- **Work item**
Your task is to find every line in the records that holds the string "last" and copy it.

[Excerpts from a dataset]
Definition dgroup (j : 'I_(m * r)) : 'I_m := Ordinal (dgroup_subproof j).
Definition dslot (j : 'I_(m * r)) : 'I_r := Ordinal (ltn_pmod j (ltn0Sn r')).

Lemma dposE j : dpos (dgroup j) (dslot j) = j.
Proof. by apply: val_inj; rewrite /= -divn_eq. Qed.

Lemma dgroupK i l : dgroup (dpos i l) = i.
Proof. by apply: val_inj; rewrite /= divnMDl // divn_small ?addn0. Qed.

Lemma dslotK i l : dslot (dpos i l) = l.
Proof. by apply: val_inj; rewrite /= modnMDl modn_small. Qed.

Definition lpar (i : 'I_m) : 'I_N := lshift (m * r) i.
Definition dcoord (i : 'I_m) (l : 'I_r) : 'I_N := rshift m (dpos i l).

Definition group_of (p : 'I_N) : 'I_m :=
  match split p with inl i => i | inr j => dgroup j end.

(* Position inside the group: [ord0] is the local parity. *)
Definition slot_of (p : 'I_N) : 'I_r.+1 :=
  match split p with inl _ => ord0 | inr j => lift ord0 (dslot j) end.

Variant coord_spec : 'I_N -> Type :=
  | LparCoord i : coord_spec (lpar i)
  | DataCoord i l : coord_spec (dcoord i l).

Lemma coordP p : coord_spec p.
Proof.
rewrite -(splitK p); case: (split p) => [i|j]; first exact: LparCoord.
by rewrite /= -(dposE j); apply: DataCoord.
Qed.

Lemma group_of_lpar i : group_of (lpar i) = i.
Proof. by rewrite /group_of /lpar -[lshift _ _]/(unsplit (inl _)) unsplitK. Qed.

Lemma group_of_dcoord i l : group_of (dcoord i l) = i.
Proof. by rewrite /group_of /dcoord -[rshift _ _]/(unsplit (inr _)) unsplitK dgroupK. Qed.

Lemma slot_of_lpar i : slot_of (lpar i) = ord0.
Proof. by rewrite /slot_of /lpar -[lshift _ _]/(unsplit (inl _)) unsplitK. Qed.

Lemma slot_of_dcoord i l : slot_of (dcoord i l) = lift ord0 l.
Proof. by rewrite /slot_of /dcoord -[rshift _ _]/(unsplit (inr _)) unsplitK dslotK. Qed.

Lemma lpar_neq_dcoord i i' l : lpar i != dcoord i' l.
Proof.
apply/eqP => /(congr1 slot_of); rewrite slot_of_lpar slot_of_dcoord => /eqP.
by rewrite (negbTE (neq_lift _ _)).
Qed.

Lemma coord_inj p q : group_of p = group_of q -> slot_of p = slot_of q -> p = q.
Proof.
case: p / coordP => [i|i l]; case: q / coordP => [i'|i' l'];
  rewrite ?group_of_lpar ?group_of_dcoord ?slot_of_lpar ?slot_of_dcoord.
- by move=> ->.
- by move=> _ /eqP; rewrite (negbTE (neq_lift _ _)).
- by move=> _ /eqP; rewrite eq_sym (negbTE (neq_lift _ _)).
- by move=> -> /lift_inj ->.
Qed.

Lemma in_local_group p (i : 'I_m) : (p \in local_group r i) = (group_of p == i).
Proof.
rewrite inE; case: p / coordP => [i'|i' l].
  rewrite group_of_lpar /=; apply/idP/eqP; last by move=> <-; rewrite eqxx.
  by case/orP => [/eqP /val_inj //|/andP [h _]]; have := ltn_ord i'; lia.
rewrite group_of_dcoord /=; have := ltn_ord i; have := ltn_ord l => hl hi.
apply/idP/eqP; last by move=> <-; apply/orP; right; apply/andP; split; lia.
case/orP => [/eqP|/andP [h1 h2]]; first lia.
by apply: val_inj; case: (ltngtP i' i) => // lt; nia.
Qed.

Definition one_per_group (E : {set 'I_N}) :=
  forall i : 'I_m, #|E :&: local_group r i| = 1%N.

Lemma one_per_groupP E :
  one_per_group E <->
  (forall i, exists2 e, e \in E & group_of e = i) /\ {in E &, injective group_of}.
Proof.
split=> [hE|[hex hinj] i].
  have hE1 i : exists e, E :&: local_group r i = [set e] by apply/cards1P; rewrite hE.
  split=> [i|p q pE qE gpq].
    have [e he] := hE1 i; have : e \in E :&: local_group r i by rewrite he set11.
    by rewrite in_setI in_local_group => /andP [eE /eqP]; exists e.
  have [e he] := hE1 (group_of p).
  have mem z : z \in E -> group_of z = group_of p -> z = e.
    by move=> zE gz; apply/set1P; rewrite -he in_setI zE in_local_group gz eqxx.
  by rewrite (mem p pE) // (mem q qE).
apply/eqP/cards1P; have [e eE ge] := hex i; exists e; apply/setP => q.
rewrite in_setI in_local_group in_set1; apply/andP/eqP => [[qE /eqP gq]|->].
  by apply: hinj; rewrite ?gq.
by rewrite eE ge.
Qed.

Lemma one_per_group_swap E k l :
  one_per_group E -> dcoord k l \in E ->
  one_per_group (E :\ dcoord k l :|: [set lpar k]).
Proof.
move=> /one_per_groupP [hex hinj] klE; apply/one_per_groupP; split=> [i|].
  have [-> | ik] := eqVneq i k.
    by exists (lpar k); rewrite ?group_of_lpar // !inE eqxx orbT.
  have [e eE ge] := hex i; exists e => //; rewrite !inE eE andbT.
  apply/orP; left; apply/eqP => ekl.
  by move: ik; rewrite -ge ekl group_of_dcoord eqxx.
have gk p : p != dcoord k l -> p \in E -> group_of p != k.
  move=> pkl pE; apply: contra pkl => /eqP gp.
  by apply/eqP/hinj; rewrite ?gp ?group_of_dcoord.
move=> p q; rewrite !inE.
move=> /orP [/andP [pkl pE]|/eqP ->] /orP [/andP [qkl qE]|/eqP ->] //;
  rewrite ?group_of_lpar => g.
- exact: hinj.
- by have := gk p pkl pE; rewrite g eqxx.
- by have := gk q qkl qE; rewrite g eqxx.
Qed.

Lemma card_one_per_group E : one_per_group E -> #|E| = m.
Proof.
move=> /one_per_groupP [hex hinj]; rewrite -(card_in_imset hinj).
have -> : group_of @: E = [set: 'I_m].
  by apply/setP => i; rewrite inE; have [e eE ge] := hex i; apply/imsetP; exists e.
by rewrite cardsT card_ord.
Qed.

- **Solution**
  rewrite group_of_lpar /=; apply/idP/eqP; last by move=> <-; rewrite eqxx.
apply/idP/eqP; last by move=> <-; apply/orP; right; apply/andP; split; lia.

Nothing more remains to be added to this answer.